'''

(* Consider FedProx, as described in the context, and a round $t$ whose step size satisfies $\gamma_t\le1/\alpha$. Assume that the bounded variance, bounded stochastic gradient norm and $L$-smoothness assumptions hold. Then for every client $i$ and every $k\in\{0,\dots,E\}$, $$\mathbb{E}\|\overline{\mathbf{w}}_{t,k}-\mathbf{w}^i_{t,k}\|^2\le4\gamma_t^2E^2G^2.$$
   Context: Setting: there are $C$ clients with weights $p_i\ge0$ satisfying $\sum_ip_i=1$, local objectives $F_i:\mathbb{R}^D\to\mathbb{R}$, and global objective $F=\sum_ip_iF_i$. FedProx with $\alpha>0$, $E\ge1$ local steps and step sizes $\gamma_t$, with all clients participating: in round $t$, $\mathbf{w}^i_{t,0}=\overline{\mathbf{w}}_{t,0}$ and, for $k=0,\dots,E-1$, $$\mathbf{w}^i_{t,k+1}=(1-\alpha\gamma_t)\mathbf{w}^i_{t,k}+\alpha\gamma_t\overline{\mathbf{w}}_{t,0}-\gamma_tg_i(\mathbf{w}^i_{t,k}),$$ with stochastic gradients $g_i$ of $F_i$ sampled independently given the past. Also $\overline{\mathbf{w}}_{t,k}=\sum_ip_i\mathbf{w}^i_{t,k}$ and $\overline{\mathbf{w}}_{t+1,0}=\overline{\mathbf{w}}_{t,E}$. Assumptions: - Unbiasedness: $\mathbb{E}\,g_i(\mathbf{w}^i_{t,k})=\nabla F_i(\mathbf{w}^i_{t,k})$. - Variance: $\mathbb{E}\|g_i(\mathbf{w}^i_{t,k})-\nabla F_i(\mathbf{w}^i_{t,k})\|^2\le\sigma^2$. - Bounded second moment: $\mathbb{E}\|g_i(\mathbf{w}^i_{t,k})\|^2\le G^2$ for all $i,t,k$. - Smoothness: each $\nabla F_i$ is $L$-Lipschitz. $\mathbb{E}$ is total expectation. *)

From HB Require Import structures.
From mathcomp Require Import all_boot all_order all_algebra.
From mathcomp Require Import all_classical all_reals all_analysis.
Set Implicit Arguments. Unset Strict Implicit. Unset Printing Implicit Defensive.
Import Order.TTheory GRing.Theory Num.Theory.
Import numFieldNormedType.Exports.
Local Open Scope ring_scope.

Definition sqnorm (R : realType) (D : nat) (v : 'rV[R]_D) : R :=
  \sum_(j < D) (v ord0 j) ^+ 2.

Definition dotp (R : realType) (D : nat) (u v : 'rV[R]_D) : R :=
  \sum_(j < D) u ord0 j * v ord0 j.

Definition enorm (R : realType) (D : nat) (v : 'rV[R]_D) : R :=
  Num.sqrt (sqnorm v).

Definition wavg (R : realType) (D C : nat) (p : 'I_C -> R)
  (w : 'I_C -> 'rV[R]_D) : 'rV[R]_D := \sum_(i < C) p i *: w i.

From HB Require Import structures.
From mathcomp Require Import all_boot all_order all_algebra.
From mathcomp Require Import all_classical all_reals all_analysis.
From mathcomp Require Import ring lra zify measurable_realfun.
Set Implicit Arguments. Unset Strict Implicit. Unset Printing Implicit Defensive.
Import Order.TTheory GRing.Theory Num.Theory.
Import numFieldNormedType.Exports.
Local Open Scope ring_scope.

(* With b = 1 - alpha gamma_t in [0, 1], the local iterates of round t are
   w^i_{t,k} = wbar_{t,0} - gamma_t U_i, where U_i = sum_{q<k} b^(k-1-q) g_i(q)
   is a discounted sum of stochastic gradients.  Hence
   wbar_{t,k} - w^i_{t,k} = gamma_t (U_i - sum_l p_l U_l), whose squared norm is
   at most 2 gamma_t^2 (|U_i|^2 + sum_l p_l |U_l|^2) by convexity, while
   E|U_l|^2 <= k^2 G^2 by Cauchy-Schwarz, since all the weights b^j are <= 1. *)

Lemma sqr_wsum_le (R : realDomainType) (I : finType) (c x : I -> R) :
  (forall q, 0 <= c q) ->
  (\sum_q c q * x q) ^+ 2 <= (\sum_q c q) * \sum_q c q * x q ^+ 2.
Proof.
move=> c_ge0.
set S := \sum_q c q; set Q := \sum_q c q * x q ^+ 2; set M := \sum_q c q * x q.
have lagrange : \sum_q \sum_r c q * c r * (x q - x r) ^+ 2 = 2 * (S * Q - M ^+ 2).
  have SQ_l : S * Q = \sum_q \sum_r c q * (c r * x r ^+ 2).
    by rewrite mulr_suml; apply: eq_bigr => q _; rewrite mulr_sumr.
  have SQ_r : S * Q = \sum_q \sum_r (c q * x q ^+ 2) * c r.
    by rewrite mulrC mulr_suml; apply: eq_bigr => q _; rewrite mulr_sumr.
  have M2 : M ^+ 2 = \sum_q \sum_r (c q * x q) * (c r * x r).
    by rewrite expr2 mulr_suml; apply: eq_bigr => q _; rewrite mulr_sumr.
  have -> : 2 * (S * Q - M ^+ 2) = S * Q + S * Q - 2 * M ^+ 2 by ring.
  rewrite {1}SQ_l SQ_r M2 -big_split /= mulr_sumr -sumrB.
  apply: eq_bigr => q _; rewrite -big_split /= mulr_sumr -sumrB.
  by apply: eq_bigr => r _; ring.
have : 0 <= 2 * (S * Q - M ^+ 2).
  rewrite -lagrange; apply: sumr_ge0 => q _; apply: sumr_ge0 => r _.
  by apply: mulr_ge0; [exact: mulr_ge0 | exact: sqr_ge0].
by rewrite pmulr_rge0 // subr_ge0.
Qed.

Section SquaredNorm.
Variables (R : realType) (D : nat).
Implicit Types (u v : 'rV[R]_D) (a : R).

Lemma sqnorm_ge0 v : 0 <= sqnorm v.
Proof. by apply: sumr_ge0 => j _; exact: sqr_ge0. Qed.

Lemma sqnormZ a v : sqnorm (a *: v) = a ^+ 2 * sqnorm v.
Proof. by rewrite /sqnorm mulr_sumr; apply: eq_bigr => j _; rewrite mxE exprMn. Qed.

Lemma sqnormB_le u v : sqnorm (u - v) <= 2 * sqnorm u + 2 * sqnorm v.
Proof.
rewrite /sqnorm !mulr_sumr -big_split /=; apply: ler_sum => j _; rewrite !mxE.
by have := sqr_ge0 (u ord0 j + v ord0 j); nra.
Qed.

Lemma sqnorm_wsum_le {I : finType} (c : I -> R) (v : I -> 'rV[R]_D) :
  (forall q, 0 <= c q) ->
  sqnorm (\sum_q c q *: v q) <= (\sum_q c q) * \sum_q c q * sqnorm (v q).
Proof.
move=> c_ge0; rewrite /sqnorm.
under eq_bigr do rewrite summxE.
under eq_bigr do under eq_bigr do rewrite mxE.
under [X in _ * X]eq_bigr do rewrite mulr_sumr.
rewrite exchange_big /= mulr_sumr; apply: ler_sum => j _.
exact: sqr_wsum_le.
Qed.

Lemma sqnorm_sub_wavg_le (C : nat) (p : 'I_C -> R) (u : 'I_C -> 'rV[R]_D) i :
  (forall l, 0 <= p l) -> \sum_l p l = 1 ->
  sqnorm (u i - wavg p u) <= 2 * sqnorm (u i) + 2 * \sum_l p l * sqnorm (u l).
Proof.
move=> p_ge0 p_sum1; apply: le_trans (sqnormB_le _ _) _.
rewrite lerD2l ler_wpM2l //.
by have := @sqnorm_wsum_le _ p u p_ge0; rewrite p_sum1 mul1r.
Qed.

Lemma wavg_dev_affine (C : nat) (p : 'I_C -> R) (x0 : 'rV[R]_D) a
    (u : 'I_C -> 'rV[R]_D) i :
  \sum_l p l = 1 ->
  wavg p (fun l => x0 - a *: u l) - (x0 - a *: u i) = a *: (u i - wavg p u).
Proof.
move=> p_sum1.
have -> : wavg p (fun l => x0 - a *: u l) = x0 - a *: wavg p u.
  rewrite /wavg scaler_sumr -[x0 in RHS]scale1r -p_sum1 scaler_suml -sumrB.
  by apply: eq_bigr => l _; rewrite scalerBr !scalerA mulrC.
by rewrite opprB addrC addrA subrK scalerBr.
Qed.

End SquaredNorm.

Section DiscountedSum.
Variables (R : comPzRingType) (V : lmodType R).

Definition discounted_sum (b : R) (v : nat -> V) (m : nat) : V :=
  \sum_(q < m) b ^+ (m.-1 - q) *: v q.

Lemma discounted_sumS b v m :
  discounted_sum b v m.+1 = b *: discounted_sum b v m + v m.
Proof.
rewrite /discounted_sum big_ord_recr /= subnn expr0 scale1r scaler_sumr.
congr (_ + _); apply: eq_bigr => q _; rewrite scalerA -exprS.
by congr (_ ^+ _ *: _); have := ltn_ord q; lia.
Qed.

Lemma prox_iterates_closed_form (a c : R) (x0 : V) (x g : nat -> V) (n : nat) :
  x 0%N = x0 ->
  (forall m, (m < n)%N -> x m.+1 = (1 - a) *: x m + a *: x0 - c *: g m) ->
  forall m, (m <= n)%N -> x m = x0 - c *: discounted_sum (1 - a) g m.
Proof.
move=> x_0 x_step; elim=> [|m IH] mn.
  by rewrite x_0 /discounted_sum big_ord0 scaler0 subr0.
rewrite x_step // IH 1?ltnW // discounted_sumS scalerBr scalerDr !scalerA.
rewrite (mulrC c) opprD addrA; congr (_ - _).
by rewrite addrAC -scalerDl subrK scale1r.
Qed.

End DiscountedSum.

Section RandomVectors.
Variables (d : measure_display) (T : measurableType d) (R : realType) (D : nat).
Variable mu : {measure set T -> \bar R}.

Definition rV_measurable (v : T -> 'rV[R]_D) :=
  forall j, measurable_fun setT (fun x => v x ord0 j).

Lemma rV_measurableB (u v : T -> 'rV[R]_D) :
  rV_measurable u -> rV_measurable v -> rV_measurable (fun x => u x - v x).
Proof.
by move=> u_meas v_meas j; under eq_fun do rewrite !mxE; exact: measurable_funB.
Qed.

Lemma rV_measurable_wsum (I : finType) (c : I -> R) (v : I -> T -> 'rV[R]_D) :
  (forall q, rV_measurable (v q)) -> rV_measurable (fun x => \sum_q c q *: v q x).
Proof.
move=> mv j; under eq_fun do rewrite summxE.
apply: measurable_sum => q; under eq_fun do rewrite mxE.
exact: measurable_funM (mv q j).
Qed.

Lemma measurable_sqnorm (v : T -> 'rV[R]_D) :
  rV_measurable v -> measurable_fun setT (fun x => sqnorm (v x)).
Proof. by move=> mv; apply: measurable_sum => j; exact: measurable_funX. Qed.

Lemma le_integral_wsum (I : finType) (f : T -> R) (c : I -> R) (h : I -> T -> R)
    (B : I -> R) :
  measurable_fun setT f -> (forall x, 0 <= f x) ->
  (forall q, 0 <= c q) -> (forall q, measurable_fun setT (h q)) ->
  (forall q x, 0 <= h q x) -> (forall x, f x <= \sum_q c q * h q x) ->
  (forall q, \int[mu]_x (h q x)%:E <= (B q)%:E)%E ->
  (\int[mu]_x (f x)%:E <= (\sum_q c q * B q)%:E)%E.
Proof.
move=> mf f_ge0 c_ge0 mh h_ge0 f_le h_le.
have mch q : measurable_fun setT (fun x => c q * h q x) by exact: measurable_funM.
apply: (@le_trans _ _ (\int[mu]_x (\sum_q c q * h q x)%:E)%E).
  apply: ge0_le_integral => //.
  - by move=> x _; rewrite lee_fin.
  - exact/measurable_EFinP.
  - by apply/measurable_EFinP; exact: measurable_sum.
  - by move=> x _; rewrite lee_fin.
under eq_integral do rewrite -sumEFin.
rewrite ge0_integral_sum //; last first.
- by move=> q x _; rewrite lee_fin mulr_ge0.
- by move=> q; exact/measurable_EFinP.
rewrite -sumEFin; apply: lee_sum => q _.
under eq_integral do rewrite EFinM.
rewrite ge0_integralZl_EFin //.
- by rewrite EFinM lee_wpmul2l ?lee_fin.
- by move=> x _; rewrite lee_fin.
- exact/measurable_EFinP.
Qed.

Lemma integral_sqnorm_discounted_sum_le (b K : R) (v : nat -> T -> 'rV[R]_D) m :
  0 <= b <= 1 -> (forall q, rV_measurable (v q)) ->
  (forall q, (q < m)%N -> \int[mu]_x (sqnorm (v q x))%:E <= K%:E)%E ->
  (\int[mu]_x (sqnorm (discounted_sum b (v^~ x) m))%:E <= (m%:R ^+ 2 * K)%:E)%E.
Proof.
move=> /andP[b_ge0 b_le1] mv v_le.
have c_ge0 (q : 'I_m) : 0 <= b ^+ (m.-1 - q) by exact: exprn_ge0.
have c_le1 (q : 'I_m) : b ^+ (m.-1 - q) <= 1 by exact: exprn_ile1.
have -> : m%:R ^+ 2 * K = \sum_(q < m) m%:R * K.
  by rewrite sumr_const card_ord; ring.
apply: (le_integral_wsum (I := 'I_m) (h := fun q x => sqnorm (v q x))) => //.
- by apply: measurable_sqnorm; exact: rV_measurable_wsum.
- by move=> x; exact: sqnorm_ge0.
- by move=> q; apply: measurable_sqnorm.
- by move=> q x; exact: sqnorm_ge0.
- move=> x; rewrite /discounted_sum.
  apply: le_trans (sqnorm_wsum_le (fun q : 'I_m => v q x) c_ge0) _.
  rewrite -mulr_sumr; apply: ler_pM.
  + exact: sumr_ge0.
  + by apply: sumr_ge0 => q _; rewrite mulr_ge0 ?sqnorm_ge0.
  + by rewrite -[m in m%:R](card_ord m) -sumr_const; exact: ler_sum.
  + by apply: ler_sum => q _; rewrite ler_piMl ?sqnorm_ge0.
- by move=> q; exact: v_le.
Qed.

Lemma integral_sqnorm_sub_wavg_le (C : nat) (p : 'I_C -> R)
    (u : 'I_C -> T -> 'rV[R]_D) (K : R) i :
  (forall l, 0 <= p l) -> \sum_l p l = 1 -> (forall l, rV_measurable (u l)) ->
  (forall l, \int[mu]_x (sqnorm (u l x))%:E <= K%:E)%E ->
  (\int[mu]_x (sqnorm (u i x - wavg p (u^~ x)))%:E <= (4 * K)%:E)%E.
Proof.
move=> p_ge0 p_sum1 u_meas u_le.
(* The indicator folds the [u i] term of [sqnorm_sub_wavg_le] into the sum. *)
pose c l := 2 * (p l + (l == i)%:R).
have sum_c a : \sum_l c l * a l = 2 * a i + 2 * \sum_l p l * a l.
  have -> : a i = \sum_l (l == i)%:R * a l.
    by rewrite (bigD1 i) //= eqxx mul1r big1 ?addr0 // => l /negbTE ->; rewrite mul0r.
  by rewrite !mulr_sumr -big_split /=; apply: eq_bigr => l _; rewrite /c; ring.
have -> : 4 * K = \sum_l c l * K by rewrite sum_c -mulr_suml p_sum1; ring.
apply: (le_integral_wsum (c := c) (h := fun l x => sqnorm (u l x))) => //.
- by apply: measurable_sqnorm; apply: rV_measurableB => //; exact: rV_measurable_wsum.
- by move=> x; exact: sqnorm_ge0.
- by move=> l; rewrite mulr_ge0 ?addr_ge0.
- by move=> l; exact: measurable_sqnorm.
- by move=> l x; exact: sqnorm_ge0.
- by move=> x; rewrite sum_c; exact: sqnorm_sub_wavg_le.
Qed.

End RandomVectors.

Lemma one_subr_mul_in01 (R : realFieldType) (a c : R) :
  0 < a -> 0 < c -> c <= 1 / a -> 0 <= 1 - a * c <= 1.
Proof.
move=> a_gt0 c_gt0 c_le; apply/andP; split.
  by rewrite subr_ge0 -ler_pdivlMl // mulr1 -div1r.
by rewrite gerBl mulr_ge0 // ltW.
Qed.

Theorem lemma3
  (R : realType) (d : measure_display) (T : measurableType d)
  (P : probability T R)
  (C D nE : nat) (p : 'I_C -> R)
  (F : 'I_C -> 'rV[R]_D -> R) (gradF : 'I_C -> 'rV[R]_D -> 'rV[R]_D)
  (alpha L sigma G : R) (gamma : nat -> R)
  (w : 'I_C -> nat -> nat -> T -> 'rV[R]_D)
  (g : 'I_C -> nat -> nat -> T -> 'rV[R]_D)
  (t : nat) (i : 'I_C) (k : nat) :
  (forall j, 0 <= p j) -> \sum_(j < C) p j = 1 ->
  0 < alpha -> (1 <= nE)%N -> (forall s, 0 < gamma s) ->
  (* gradF j is the gradient of F j *)
  (forall j x, differentiable (F j) x /\
     forall v, 'd (F j) x v = dotp (gradF j x) v) ->
  (* FedProx local iterations, all clients participating *)
  (forall j s x, w j s 0%N x = wavg p (fun l => w l s 0%N x)) ->
  (forall j s m x, (m < nE)%N ->
     w j s m.+1 x = (1 - alpha * gamma s) *: w j s m x
                    + (alpha * gamma s) *: wavg p (fun l => w l s 0%N x)
                    - gamma s *: g j s m x) ->
  (forall s x, wavg p (fun l => w l s.+1 0%N x) = wavg p (fun l => w l s nE x)) ->
  (* stochastic gradients are random vectors *)
  (forall j s m c, measurable_fun setT (fun x => g j s m x ord0 c)) ->
  (* bounded variance *)
  (forall j s m, (m < nE)%N ->
     (\int[P]_x (sqnorm (g j s m x - gradF j (w j s m x)))%:E <= (sigma ^+ 2)%:E)%E) ->
  (* bounded second moment *)
  (forall j s m, (m < nE)%N ->
     (\int[P]_x (sqnorm (g j s m x))%:E <= (G ^+ 2)%:E)%E) ->
  (* L-smoothness *)
  (forall j x y, enorm (gradF j x - gradF j y) <= L * enorm (x - y)) ->
  gamma t <= 1 / alpha -> (k <= nE)%N ->
  (\int[P]_x (sqnorm (wavg p (fun l => w l t k x) - w i t k x))%:E
     <= (4 * gamma t ^+ 2 * (nE%:R) ^+ 2 * G ^+ 2)%:E)%E.
Proof.
move=> p_ge0 p_sum1 alpha_gt0 _ gamma_gt0 _ w_init w_step _ g_meas _ g_bound _
  gamma_le k_le.
set c := gamma t; set b := 1 - alpha * c.
have b01 : 0 <= b <= 1 := one_subr_mul_in01 alpha_gt0 (gamma_gt0 t) gamma_le.
pose U l x := discounted_sum b (fun q => g l t q x) k.
have w_closed l x : w l t k x = wavg p (fun j => w j t 0 x) - c *: U l x.
  apply: (prox_iterates_closed_form (n := nE) (x := fun m => w l t m x)) => // m m_lt.
  exact: w_step.
have U_bound l : (\int[P]_x (sqnorm (U l x))%:E <= (k%:R ^+ 2 * G ^+ 2)%:E)%E.
  apply: integral_sqnorm_discounted_sum_le => // [q | q q_lt]; first exact: g_meas.
  by apply: g_bound; exact: leq_trans q_lt k_le.
have dev x : sqnorm (wavg p (fun l => w l t k x) - w i t k x)
             = c ^+ 2 * sqnorm (U i x - wavg p (U^~ x)).
  have -> : wavg p (fun l => w l t k x)
            = wavg p (fun l => wavg p (fun j => w j t 0 x) - c *: U l x).
    by apply: eq_bigr => l _; rewrite w_closed.
  by rewrite w_closed wavg_dev_affine // sqnormZ.
have U_meas l : rV_measurable (U l) by apply: rV_measurable_wsum => q; exact: g_meas.
under eq_integral do rewrite dev EFinM.
rewrite ge0_integralZl_EFin ?sqr_ge0 //; last 2 first.
- by move=> x _; rewrite lee_fin sqnorm_ge0.
- apply/measurable_EFinP/measurable_sqnorm.
  by apply: rV_measurableB => //; exact: rV_measurable_wsum.
have dev_bound := integral_sqnorm_sub_wavg_le i p_ge0 p_sum1 U_meas U_bound.
apply: le_trans (lee_wpmul2l _ dev_bound) _; first by rewrite lee_fin sqr_ge0.
rewrite -EFinM lee_fin.
have k2_le : k%:R ^+ 2 <= nE%:R ^+ 2 :> R by rewrite ler_sqr ?nnegrE // ler_nat.
have := mulr_ge0 (sqr_ge0 c) (sqr_ge0 G); nra.
Qed.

'''

*Task objective*.
Using the entries above, work out how many lines contain the string "mathbf". Respond with that number alone.

*Finished exercise*.
2